大家试想一下,如果你准备启动一台物理服务器,如果服务器的CPU,内存,存储发生错误,在开机自检阶段就过不了,即意味着服务器挂掉,无法启动了。
同样,生成VM时常见的报错 " No valid host was found. There are not enough hosts available "也基本是CPU,内存,存储出错导致的。创建VM时错误地使用了external类型的网络,也会产生这个报错。
1. CPU虚拟化参数配置错误
查看nova-compute 日志:
couldn't obtain the vcpu count fromdomain id: 769f95ac-d8da-41be-8e29-f326f03a762f, exception: Requested operationis not valid: cpu affinity is not supported
**分析:**日志出现绑定CPU失败的错误,立刻想到和CPU虚拟化相关。

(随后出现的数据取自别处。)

Definition in_tri (t : tri) (z : pt) : Prop :=
  let '(a, b, q) := t in
  let u := fst z - IZR a in let v := snd z - IZR b in
  match q with
  | QS => 0 <= v /\ v <= u /\ u + v <= 1
  | QE => u <= 1 /\ v <= u /\ 1 <= u + v
  | QN => v <= 1 /\ u <= v /\ 1 <= u + v
  | QW => 0 <= u /\ u <= v /\ u + v <= 1
  end.

Definition in_open_tri (t : tri) (z : pt) : Prop :=
  let '(a, b, q) := t in
  let u := fst z - IZR a in let v := snd z - IZR b in
  match q with
  | QS => 0 < v /\ v < u /\ u + v < 1
  | QE => u < 1 /\ v < u /\ 1 < u + v
  | QN => v < 1 /\ u < v /\ 1 < u + v
  | QW => 0 < u /\ u < v /\ u + v < 1
  end.

Lemma closed_tri_iff (t : tri) (z : pt) : closed_tri t z <-> in_tri t z.
Proof.
  destruct t as [[a b] q], z as [x y].
  destruct q; unfold closed_tri, in_tri, padd, pscale, ptZ2;
    cbv beta iota zeta delta [tri_vertsZ]; cbn [fst snd]; rewrite ?plus_IZR, ?mult_IZR;
    (split;
     [ intros (l1 & l2 & l3 & ? & ? & ? & ? & Hz); injection Hz as -> ->;
       replace l1 with (1 - l2 - l3) by lra; lra
     | set (u := x - IZR a); set (v := y - IZR b); intros H ]).
  - exists (1 - u - v), (u - v), (2 * v).
    repeat split; try lra; f_equal; unfold u, v; lra.
  - exists (u - v), (u + v - 1), (2 * (1 - u)).
    repeat split; try lra; f_equal; unfold u, v; lra.
  - exists (u + v - 1), (v - u), (2 * (1 - v)).
    repeat split; try lra; f_equal; unfold u, v; lra.
  - exists (v - u), (1 - u - v), (2 * u).
    repeat split; try lra; f_equal; unfold u, v; lra.
Qed.
(* Equality of game forms up to the order and multiplicity of options; [add] is
   commutative only up to [iso]. *)
Inductive iso : game -> game -> Prop :=
  IsoNode GL GR HL HR :
    lift_rel iso GL HL -> lift_rel iso GR HR -> iso (Node GL GR) (Node HL HR).

Lemma isoE GL GR HL HR :
  iso (Node GL GR) (Node HL HR) <-> lift_rel iso GL HL /\ lift_rel iso GR HR.
Proof. by split=> [isoGH | [isoL isoR]]; [inversion isoGH | constructor]. Qed.

Lemma iso_addl X G H : iso G H -> iso (add G X) (add H X).
Proof.
elim/game_ind_In: X G H => XL XR IHXL IHXR G.
elim/game_ind_In: G => GL GR IHGL IHGR [HL HR] isoGH; have /isoE[isoL isoR] := isoGH.
rewrite [add (Node GL GR) _]addE [add (Node HL HR) _]addE.
by apply/isoE; split; apply: lift_rel_cat;
  [ apply: lift_rel_map isoL => g h gL _; apply: IHGL
  | apply: lift_rel_map_diag => x xX; apply: IHXL
  | apply: lift_rel_map isoR => g h gR _; apply: IHGR
  | apply: lift_rel_map_diag => x xX; apply: IHXR ].
Qed.

Lemma iso_addC A B : iso (add A B) (add B A).
Proof.
elim/game_ind_In: A B => AL AR IHAL IHAR B.
elim/game_ind_In: B => BL BR IHBL IHBR.
rewrite addE [add (Node BL BR) _]addE.
by apply/isoE; split; apply: lift_rel_catC; apply: lift_rel_map_diag => x xs;
  first [exact (IHAL x xs _) | exact (IHBL x xs) | exact (IHAR x xs _) | exact (IHBR x xs)].
Qed.

Definition round_win (w : game -> nat -> bool -> bool) (GL GR : seq game)
    (p : nat) (b : bool) (l r : nat) : bool :=
  if b then
    if r < l then has (fun g => w g (p - l) true || w g (p - l) false) GL
    else if l == r then has (fun g => w g (p - l) false) GL
    else all (fun g => w g (p + r) true) GR
  else
    if l < r then all (fun g => w g (p + r) false && w g (p + r) true) GR
    else if l == r then all (fun g => w g (p + r) true) GR
    else has (fun g => w g (p - l) false) GL.
Lemma check_loop_W_lead delta (G : seq P) Z w d W :
  check_loop delta G Z w d W -> loop_inv delta G Z w d ->
  forall x, x \in Z -> exists2 f, in_span gs f & W_lead W f x.
Proof.
have ZselP (Z1 : seq 'I_n) (G1 : seq P) y : y \notin Z1 -> y \notin Zsel Z1 G1.
  by move=> yN; rewrite mem_filter (negbTE yN) andbF.
elim=> {G Z w d W} [G Z w d G1 LIG _ Z'0 | G Z w d G1 Wf LIG _ _ loopf IH] inv x xZ.
  have xZ1 : x \in Zsel Z G1.
    apply: contraT => xN.
    have : x \in [seq y <- Z | y \notin Zsel Z G1] by rewrite mem_filter xN xZ.
    by rewrite Z'0.
  apply: (W_lead_removed inv LIG xZ1); last by rewrite /upd_w ffunE xZ1.
  by move=> y /(ZselP _ G1) yN; rewrite /upd_w ffunE (negbTE yN).
have [xZ1 | xN] := boolP (x \in Zsel Z G1); last first.
  apply: IH; first exact: (loop_inv_next inv LIG).
  by rewrite mem_filter xN.
have Wf_upd := check_loop_weight_notin loopf.
have xNZ' : x \notin [seq y <- Z | y \notin Zsel Z G1] by rewrite mem_filter xZ1.
apply: (W_lead_removed inv LIG xZ1); last by rewrite Wf_upd // /upd_w ffunE xZ1.
move=> y yN; have yNZ' : y \notin [seq y <- Z | y \notin Zsel Z G1].
  by rewrite mem_filter (negbTE yN) andbF.
by rewrite Wf_upd // /upd_w ffunE (negbTE (ZselP _ G1 _ yN)).
Qed.

End CheckLoop.

Lemma rref_lead_pivot (K : fieldType) p m (A : 'M[K]_(p, m)) (c : 'rV[K]_p) (k : 'I_m) :
  rref_nz A -> (c *m A) 0 k != 0 -> (forall k' : 'I_m, (k' < k)%N -> (c *m A) 0 k' = 0) ->
  exists i, A i k = 1 /\ forall k' : 'I_m, (k' < k)%N -> A i k' = 0.
Proof.
(* [k] is the pivot of the first row having a nonzero coefficient in [c]. *)
move=> [piv [piv_mono piv1 piv0 before_piv0]] vk before_k.
have vE k' : (c *m A) 0 k' = \sum_i c 0 i * A i k' by rewrite mxE.
have [i1 ci1] : exists i, c 0 i != 0.
  apply/existsP; apply: contraR vk; rewrite negb_exists vE => /forallP c0.
  by rewrite big1 // => i _; move/negPn/eqP: (c0 i) => ->; rewrite mul0r.
have [i0 ci0 min_i0] := @arg_minnP _ i1 (fun i => c 0 i != 0) (fun i : 'I_p => val i) ci1.
have v_piv : (c *m A) 0 (piv i0) = c 0 i0.
  rewrite vE (bigD1 i0) //= piv1 mulr1 big1 ?addr0 // => i ni.
  by rewrite piv0 ?mulr0.
have before_piv (k' : 'I_m) : (k' < piv i0)%N -> (c *m A) 0 k' = 0.
  move=> lt_k'; rewrite vE big1 // => i _.
  have [-> | /min_i0 le_i0i] := eqVneq (c 0 i) 0; first by rewrite mul0r.
  rewrite before_piv0 ?mulr0 //; apply: leq_trans lt_k' _.
  case: (ltngtP i0 i) le_i0i => [lt_i0i _ | // | eq_i0i _].
    exact: ltnW (piv_mono _ _ lt_i0i).
  by rewrite (val_inj eq_i0i).
have -> : k = piv i0.
  have [lt_k | lt_piv | /val_inj //] := ltngtP k (piv i0).
    by move: vk; rewrite before_piv ?eqxx.
  by move: ci0; rewrite -v_piv before_k ?eqxx.
by exists i0; split=> // k' /before_piv0.
Qed.

Section TermOrder.
Variables (K : fieldType) (n : nat) (le : rel 'X_{1..n}).
Local Notation P := {mpoly K[n]}.
Local Notation mon := 'X_{1..n}.
Hypothesis le_order : term_ordering le.

Lemma LT_is_W_lead (W : {ffun 'I_n -> nat}) (f : P) x :
  compatible W le -> W_lead W f x -> LT_is le f (mnm1 x).
Proof.
case: le_order => [[le_refl _ _ _] _] le_W lead.
have fE u : u != mnm1 x -> f@_u = (f - 'X_x)@_u.
  by move=> nu; rewrite mcoeffB mcoeffX eq_sym (negbTE nu) subr0.
split.
  rewrite mcoeff_msupp; apply/negP => /eqP f0.
  have : (f - 'X_x)@_(mnm1 x) != 0 by rewrite mcoeffB mcoeffX eqxx f0 sub0r oppr_eq0 oner_neq0.
  by move/lead; rewrite wdeg_mnm1 ltnn.
move=> u; have [-> // | nu] := eqVneq u (mnm1 x).
rewrite mcoeff_msupp fE // => /lead; rewrite -(wdeg_mnm1 W x).
by case/le_W/andP.
Qed.

Variable ts : seq mon.
Hypothesis sorted_ts : sorted (fun a b => ltT le b a) ts.

Lemma ltT_nth (k1 k2 : 'I_(size ts)) :
  (k1 < k2)%N -> ltT le (nth mnm0 ts k2) (nth mnm0 ts k1).
Proof.
case: le_order => [[_ le_anti le_trans _] _] lt_k.
have gt_trans : transitive (fun a b => ltT le b a).
  move=> b a c /andP[le_ba ne_ba] /andP[le_cb ne_cb]; apply/andP; split.
    exact: le_trans le_ba.
  apply: contra ne_cb => /eqP eq_ca; move: le_ba; rewrite -eq_ca => le_bc.
  by rewrite (le_anti c b) ?le_cb ?le_bc.
by apply: (sorted_ltn_nth gt_trans mnm0 sorted_ts); rewrite ?inE ?ltn_ord.
Qed.

Lemma LT_is_nthP (g : P) (k : 'I_(size ts)) :
  (forall u, g@_u != 0 -> u \in ts) ->
  LT_is le g (nth mnm0 ts k) <->
  g@_(nth mnm0 ts k) != 0 /\
  forall k' : 'I_(size ts), (k' < k)%N -> g@_(nth mnm0 ts k') = 0.
Proof.
case: le_order => [[le_refl le_anti _ _] _] supp_g.
split=> [[gk max_k] | [gk before_k]].
  split=> [| k' lt_k']; first by rewrite -mcoeff_msupp.
  apply/eqP; rewrite mcoeff_eq0; apply/negP => /max_k le_k'k.
  have /andP[le_kk' ne_kk'] := ltT_nth lt_k'.
  by move: ne_kk'; rewrite (le_anti _ _ (introT andP (conj le_kk' le_k'k))) eqxx.
split=> [| u]; first by rewrite mcoeff_msupp.
rewrite mcoeff_msupp => gu; have u_ts := supp_g _ gu.
have [k'' uE] : exists k'' : 'I_(size ts), nth mnm0 ts k'' = u.
  have lt_u : (index u ts < size ts)%N by rewrite index_mem.
  by exists (Ordinal lt_u); rewrite /= nth_index.
rewrite -uE in gu *.
have [lt_k''k | /ltT_nth /andP[] // | /val_inj -> //] := ltngtP k'' k.
by rewrite (before_k _ lt_k''k) eqxx in gu.
Qed.

Lemma rref_row_LT (gs : seq P) r' (N : 'M[K]_(r', size gs)) f t :
  (forall t, t \in ts <-> exists2 g, g \in gs & t \in msupp g) ->
  rref_nz (N *m coefmx gs ts) -> (coefmx gs ts <= N *m coefmx gs ts)%MS ->
  in_span gs f -> LT_is le f t ->
  exists i : 'I_r', LT_is le (\sum_(j < size gs) N i j *: gs`_j) t.
Proof.
move=> tsP rrefA /submxP [D ME] [c fE] LTf.
have supp (d : 'I_(size gs) -> K) u : (\sum_j d j *: gs`_j)@_u != 0 -> u \in ts.
  case/mcoeff_lin_comb_neq0 => j nz; apply/tsP; exists gs`_j; first exact: mem_nth.
  by rewrite mcoeff_msupp.
have [k tE] : exists k : 'I_(size ts), nth mnm0 ts k = t.
  have t_ts : t \in ts by apply: (supp c); rewrite -fE -mcoeff_msupp; case: LTf.
  have lt_t : (index t ts < size ts)%N by rewrite index_mem.
  by exists (Ordinal lt_t); rewrite /= nth_index.
rewrite -tE in LTf *; rewrite fE in LTf.
have [fk before_k] := (LT_is_nthP k (supp c)).1 LTf.
set v := (\row_j c j *m D) *m (N *m coefmx gs ts).
have fE' (k' : 'I_(size ts)) : (\sum_j c j *: gs`_j)@_(nth mnm0 ts k') = v 0 k'.
  by rewrite mcoeff_lin_comb_coefmx /v -mulmxA -ME.
have vk : v 0 k != 0 by rewrite -fE'.
have before_v (k' : 'I_(size ts)) : (k' < k)%N -> v 0 k' = 0.
  by move=> lt_k'; rewrite -fE' before_k.
have [i [Aik before_i]] := rref_lead_pivot rrefA vk before_v.
have rowE (k' : 'I_(size ts)) :
    (\sum_j N i j *: gs`_j)@_(nth mnm0 ts k') = (N *m coefmx gs ts) i k'.
  by rewrite mcoeff_lin_comb_coefmx !mxE; apply: eq_bigr => j _; rewrite mxE.
exists i; apply/(LT_is_nthP k (supp _)); split=> [| k' lt_k'].
  by rewrite rowE Aik oner_neq0.
by rewrite rowE before_i.
Qed.

End TermOrder.

Theorem mainTheorem5 (K : fieldType) (n : nat) (gs : seq {mpoly K[n]})
    (s : nat) (z : 'I_s -> 'I_n) (W : {ffun 'I_n -> nat})
    (le : rel 'X_{1..n}) (ts : seq 'X_{1..n})
    (r' : nat) (N : 'M[K]_(r', size gs)) :
  ~ in_ideal gs 1 ->
  injective z ->
  CHECK_returns gs [seq z i | i <- enum 'I_s] W ->
  term_ordering le ->
  compatible W le ->
  uniq ts ->
  (forall t, t \in ts <-> exists2 g, g \in gs & t \in msupp g) ->
  sorted (fun a b => ltT le b a) ts ->
  rref_nz (N *m coefmx gs ts) ->
  (coefmx gs ts <= N *m coefmx gs ts)%MS ->
  let gs' := [seq \sum_(j < size gs) N i j *: gs`_j | i <- enum 'I_r'] in
  exists f : 'I_s -> {mpoly K[n]},
    (forall i, f i \in gs' /\ LT_is le (f i) (mnm1 (z i))) /\
    Z_separating gs z f.
Proof.
move=> _ z_inj [_ loop] le_order le_W _ tsP sorted_ts rrefA rowspace gs'.
have uniq_Z : uniq [seq z i | i <- enum 'I_s] by rewrite map_inj_uniq ?enum_uniq.
have lead_row i : exists g, g \in gs' /\ LT_is le g (mnm1 (z i)).
  have [f span_f lead_f] :=
    check_loop_W_lead loop (loop_inv_init gs uniq_Z) (map_f _ (mem_enum _ i)).
  have [i' LT_i'] := rref_row_LT le_order sorted_ts tsP rrefA rowspace span_f
    (LT_is_W_lead le_order le_W lead_f).
  by eexists; split; [apply: map_f; apply: mem_enum | exact: LT_i'].
have [f fP] := fin_all_exists lead_row.
exists f; split=> //; split; last by exists le; split=> // i; case: (fP i).
move=> i; case: (fP i) => /mapP [i' _ ->] _.
by apply: in_ideal_span; exists (N i').
Qed.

/etc/nova/nova.conf
中的virt_type参数设置得不对
**处理:**修改compute节点的配置文件/etc/nova/nova.conf
如果compute节点是物理机或开启嵌套虚拟化(CPU硬件加速)的虚拟机: virt_type=kvm
如果compute节点是未开启嵌套虚拟化的虚拟机:virt_type=qemu
2. 内存不足导致报错
用一个规格比较高的flavor创建实例:
nova-conductor.log 报错:
qemu-kvm:cannot set up guest memory 'pc.ram': Cannot allocate memory\n"]
nova-scheduler.log :
Filter RetryFilter returned 0 hosts
**分析:**日志已经给出原因:无法分配内存,即内存空间不足。特别是RetryFilter没有筛选出可以提供符合flavor中资源数量的host,这时应该去确认host中的资源是否不够用了。
**处理:**增加计算节点内存
3. 存储相关的原因导致报错
-
用自制的Ubuntu镜像创建实例时,没有配置合适的volume大小
nova日志报错:Image 1c63d80b-dc44-4785-bf20-4cdb47d7b2c6 is unacceptable: Imagevirtual size is 18GB and doesn't fit in a volume of size 1GB.
**分析和处理:**镜像中的文件系统是18GB,上图红圈中的参数必须大于等于18GB
-
Block Device Mapping is Invalid 也是很常见错误
**分析和处理:**通常是由于cinder或ceph等backend配置错误引起的块存储设备报错。这时就需要查看cinder和ceph的服务状态是否正常,这里有几个常用命令:
ceph -s
vgs
cinder service-list
cinder list
lsblk
进一步排查原因的话还需要分析日志。 -
权限不足(导致没有可用的存储)
查看nova-compute 日志:InvalidDiskInfo:Disk info file is invalid: qemu-img failed to execute on/var/lib/libvirt/images/centos7.0.qcow2 : Unexpected error while runningcommand. 2017-01-1911:32:27.736 25979 ERROR nova.compute.manager Command: /usr/bin/python2 -moslo_concurrency.prlimit --as=1073741824 --cpu=2 -- env LC_ALL=C info /var/lib/libvirt/images/centos7.0.qcow2 2017-01-1911:32:27.736 25979 ERROR nova.compute.manager Exit code: 1 2017-01-1911:32:27.736 25979 ERROR nova.compute.manager Stdout: u'' 2017-01-1911:32:27.736 25979 ERROR nova.compute.manager Stderr: u"qemu-img: Couldnot open '/var/lib/libvirt/images/centos7.0.qcow2': Could not open '/var/lib/libvirt/images/centos7.0.qcow2':Permission denied\n" InvalidDiskInfo:Disk info file is invalid: qemu-img failed to execute on/var/lib/libvirt/images/centos7.0.qcow2 : Unexpected error while runningcommand. 2017-01-1911:32:27.736 25979 ERROR nova.compute.manager Command: /usr/bin/python2 -moslo_concurrency.prlimit --as=1073741824 --cpu=2 -- env LC_ALL=C info /var/lib/libvirt/images/centos7.0.qcow2 2017-01-1911:32:27.736 25979 ERROR nova.compute.manager Exit code: 1 2017-01-1911:32:27.736 25979 ERROR nova.compute.manager Stdout: u'' 2017-01-1911:32:27.736 25979 ERROR nova.compute.manager Stderr: u"qemu-img: Couldnot open '/var/lib/libvirt/images/centos7.0.qcow2': Could not open '/var/lib/libvirt/images/centos7.0.qcow2':Permission denied\n"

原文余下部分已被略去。